Libyan authorities have opened an investigation into the collapse of two dams that caused a catastrophic flood in the country last week, amid concerns that “negligence” may have contributed to the disaster that has killed more than 11,000 so far.
Al-Sediq al-Sour, Libya’s general prosecutor, said authorities would probe the collapse of the dams, which were built in the 1970s, as well as the poor allocation of maintenance funds over the past few decades.
“I reassure citizens that whoever made mistakes or negligence, prosecutors will certainly take firm measures, file a criminal case against him and send him to trial,” he told a news conference in the port city of Derna on Friday.
The general prosecutor said officials would also investigate local authorities in the disaster-struck city, as well as previous Libyan governments.
It remains unclear how the investigation will work in practice, since Libya has been split between rival administrations backed by powerful militias over the past decade, following the toppling of former dictator Muammar Gaddafi in 2011.
However, the Government is under pressure to act amid concerns from experts and academics that their warnings about a potential disaster went unheeded in the run-up to the dams’ collapse.
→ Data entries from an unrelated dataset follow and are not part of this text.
(* Let $C\subseteq GF(2)^n$ be an affine subspace such that every vector of $C$ has weight exactly $k$. Then $|C|\le 2^{(n-|n-2k|)/2}$.
   Context: The weight of $x\in GF(2)^n$ is the number of its nonzero coordinates. *)

From HB Require Import structures.
From mathcomp Require Import all_boot all_order all_algebra.
Set Implicit Arguments. Unset Strict Implicit. Unset Printing Implicit Defensive.
Import GRing.Theory.
Local Open Scope ring_scope.

Definition weight (n : nat) (x : 'rV['F_2]_n) : nat := #|[set i | x 0 i != 0]|.

Definition affine_subspace (n : nat) (C : {set 'rV['F_2]_n}) : Prop :=
  exists (a : 'rV['F_2]_n) (V : {vspace 'rV['F_2]_n}),
    C = [set x | x - a \in V].

From mathcomp Require Import all_boot all_order all_algebra zify.
Set Implicit Arguments. Unset Strict Implicit. Unset Printing Implicit Defensive.
Import GRing.Theory.

(* Let a be a point of C = a + V, so that every a + (x - y) with x, y in C lies
   in C and has the same weight as a. Over GF(2) the support of a + v is the
   symmetric difference of the supports of a and v. If x and y agree on supp a
   then v = x - y is supported off supp a and a + v is heavier than a unless
   v = 0; if they agree off supp a then a + v is lighter unless v = 0. Hence
   restricting to supp a, and also to its complement, is injective on C, so
   |C| <= 2^min(k, n - k), and min(k, n - k) = (n - |n - 2k|)/2. *)

Section Support.
Variables (R : zmodType) (n : nat).
Local Open Scope ring_scope.

Definition supp (x : 'rV[R]_n) : {set 'I_n} := [set i | x 0 i != 0].

Lemma supp_eq0 (x : 'rV[R]_n) : (supp x == set0) = (x == 0).
Proof.
apply/eqP/eqP => [x0 | ->]; last by apply/setP => i; rewrite !inE mxE eqxx.
apply/rowP => i; rewrite mxE; apply/eqP.
by move/setP/(_ i): x0; rewrite !inE => /negbFE.
Qed.

Lemma supp_subB (S : {set 'I_n}) (x y : 'rV[R]_n) :
  {in S, forall i, x 0 i = y 0 i} -> supp (x - y) \subset ~: S.
Proof.
move=> xy; apply/subsetP => i; rewrite !inE !mxE; apply: contra => iS.
by rewrite xy // subrr.
Qed.

End Support.

Lemma card_rV_le_restrict (R : finType) (n : nat) (S : {set 'I_n})
    (C : {set 'rV[R]_n}) :
  {in C &, forall x y : 'rV[R]_n, {in S, forall i, x 0%R i = y 0%R i} -> x = y} ->
  #|C| <= #|R| ^ #|S|.
Proof.
move=> inj_on_S.
pose restr (x : 'rV[R]_n) := [ffun j : 'I_#|S| => x 0%R (enum_val j)].
rewrite -(card_in_imset (f := restr)); last first.
  move=> x y xC yC /ffunP rxy; apply: inj_on_S => // i iS.
  by have := rxy (enum_rank_in iS i); rewrite !ffunE enum_rankK_in.
apply: leq_trans (max_card _) _.
by rewrite card_ffun card_ord.
Qed.

Section WeightF2.
Variable n : nat.
Implicit Types a v x : 'rV['F_2]_n.
Local Open Scope ring_scope.

Lemma weightE x : weight x = #|supp x|.
Proof. by []. Qed.

Lemma weight_eq0 x : (weight x == 0%N) = (x == 0).
Proof. by rewrite weightE cards_eq0 supp_eq0. Qed.

Lemma suppD_F2 a v : supp (a + v) = (supp a :\: supp v) :|: (supp v :\: supp a).
Proof.
apply/setP => i; rewrite !inE mxE.
by move: (a 0 i) (v 0 i); do 2!case=> [[|[|//]]] ?.
Qed.

Lemma weightD_disjoint a v :
  [disjoint supp a & supp v] -> weight (a + v) = (weight a + weight v)%N.
Proof.
move=> av; have va : [disjoint supp v & supp a] by rewrite disjoint_sym.
by rewrite !weightE suppD_F2 (setDidPl av) (setDidPl va) cardsU (disjoint_setI0 av) cards0 subn0.
Qed.

Lemma weightD_sub a v :
  supp v \subset supp a -> weight (a + v) = (weight a - weight v)%N.
Proof.
move=> va; rewrite !weightE suppD_F2.
have /eqP -> : supp v :\: supp a == set0 by rewrite setD_eq0.
by rewrite setU0 (cardsDS va).
Qed.

Lemma card_const_weight_coset a (V : {vspace 'rV['F_2]_n}) :
  {in [set x | x - a \in V], forall x, weight x = weight a} ->
  (#|[set x | (x - a)%R \in V]| <= 2 ^ minn (weight a) (n - weight a))%N.
Proof.
set C := [set x | _] => constw.
have weight_shift : {in C &, forall x y, weight (a + (x - y)) = weight a}.
  move=> x y xC yC; apply: constw; rewrite !inE in xC yC *.
  have -> : a + (x - y) - a = (x - a) - (y - a) by rewrite addrC addKr opprB addrA subrK.
  exact: memvB.
have card_le S : (forall v, supp v \subset ~: S ->
    weight (a + v) = weight a -> v = 0) -> (#|C| <= 2 ^ #|S|)%N.
  move=> shift0; rewrite -[X in (_ <= X ^ _)%N]card_Fp //; apply: card_rV_le_restrict.
  move=> x y xC yC xy; apply/eqP; rewrite -subr_eq0; apply/eqP.
  exact: shift0 (supp_subB xy) (weight_shift x y xC yC).
have [_ | _] := leqP (weight a) (n - weight a)%N.
- rewrite weightE; apply: card_le => v.
  rewrite -disjoints_subset disjoint_sym => /weightD_disjoint -> wv.
  by apply/eqP; rewrite -weight_eq0; lia.
- have <- : #|~: supp a| = (n - weight a)%N.
    by have := cardsC (supp a); rewrite card_ord -weightE; lia.
  apply: card_le => v; rewrite setCK => va; rewrite weightD_sub // => wv.
  have := subset_leq_card va; rewrite -!weightE => vle.
  by apply/eqP; rewrite -weight_eq0; lia.
Qed.

End WeightF2.

Theorem corollary5 (n k : nat) (C : {set 'rV['F_2]_n}) :
  affine_subspace C ->
  (forall x, x \in C -> weight x = k) ->
  #|C| <= 2 ^ ((n - `|n - k.*2|) %/ 2).
Proof.
case=> a [V ->] constw.
have aC : a \in [set x | (x - a)%R \in V] by rewrite inE subrr mem0v.
have wa := constw a aC; subst k.
have wn : weight a <= n by have := max_card (supp a); rewrite card_ord.
have -> : (n - `|n - (weight a).*2|) %/ 2 = minn (weight a) (n - weight a) by lia.
exact: card_const_weight_coset.
Qed.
At least 11,300 people have died in the catastrophe so far, according to the Libyan Red Crescent. A further 10,100 are reported missing.
Heavy rains caused by Mediterranean storm Daniel caused deadly flooding across eastern Libya last weekend. The floods overwhelmed two dams, sending a wall of water several metres high through the centre of Derna, destroying entire neighbourhoods and sweeping people out to sea.
Searchers are still digging through mud and rubble six days after the flood looking for bodies and possible survivors in the city of 90,000.
Aid organisations have also warned that the coming period could see the spread of disease and further deaths caused by major difficulties in delivering aid to those most in need.
Islamic Relief warned of a “second humanitarian crisis” following last week’s flood, as it issued a stark alert about the “growing risk of water-borne diseases and shortages of food, shelter and medicine”.
Dr Ahmed Zouiten, the World Health Organization’s (WHO) representative in Libya, said on Saturday that the situation was quickly becoming “a disaster of epic proportions”.
“We are saddened by the unspeakable loss of thousands of souls. Our thoughts are with the families who have lost loved ones, as well as with all of the affected communities,” he said.
“We are committed to providing the necessary support to restore health services for the affected population in eastern Libya.”
The WHO said it has sent enough health supplies to reach 250,000 people in Libya. The aid package, which arrived in Benghazi on Saturday, includes 29 metric tonnes of equipment including essential medicines, trauma and emergency surgery supplies, medical equipment and body bags.
The port of Benghazi is roughly 300 km away from Derna, which is difficult to reach due to destroyed roads and infrastructure.
The storm has also damaged other areas in eastern Libya, including the towns of Bayda, Susa, Marj and Shahatt. Tens of thousands of people have been displaced in the region and have been forced to take shelter in schools and government buildings.
The United Nations (UN) has launched an urgent appeal to raise $71.4m (£57.7m) to deliver aid to people impacted by the floods in Libya over the next three months, saying that the death toll could rise without more help.
The UN estimates that more than 880,000 people in five provinces live in areas directly affected by the storm and flash floods.
The UK Government said on Saturday it would ramp up support for Libya and expand an initial package worth up to £1m announced earlier this week to provide emergency shelter items, portable solar lanterns and water filters for the region.
The Foreign, Commonwealth and Development Office (FCDO) has pledged a £10m support package in total for both the crisis in Libya and the earthquake in Morocco last week, which killed almost 3,000 people.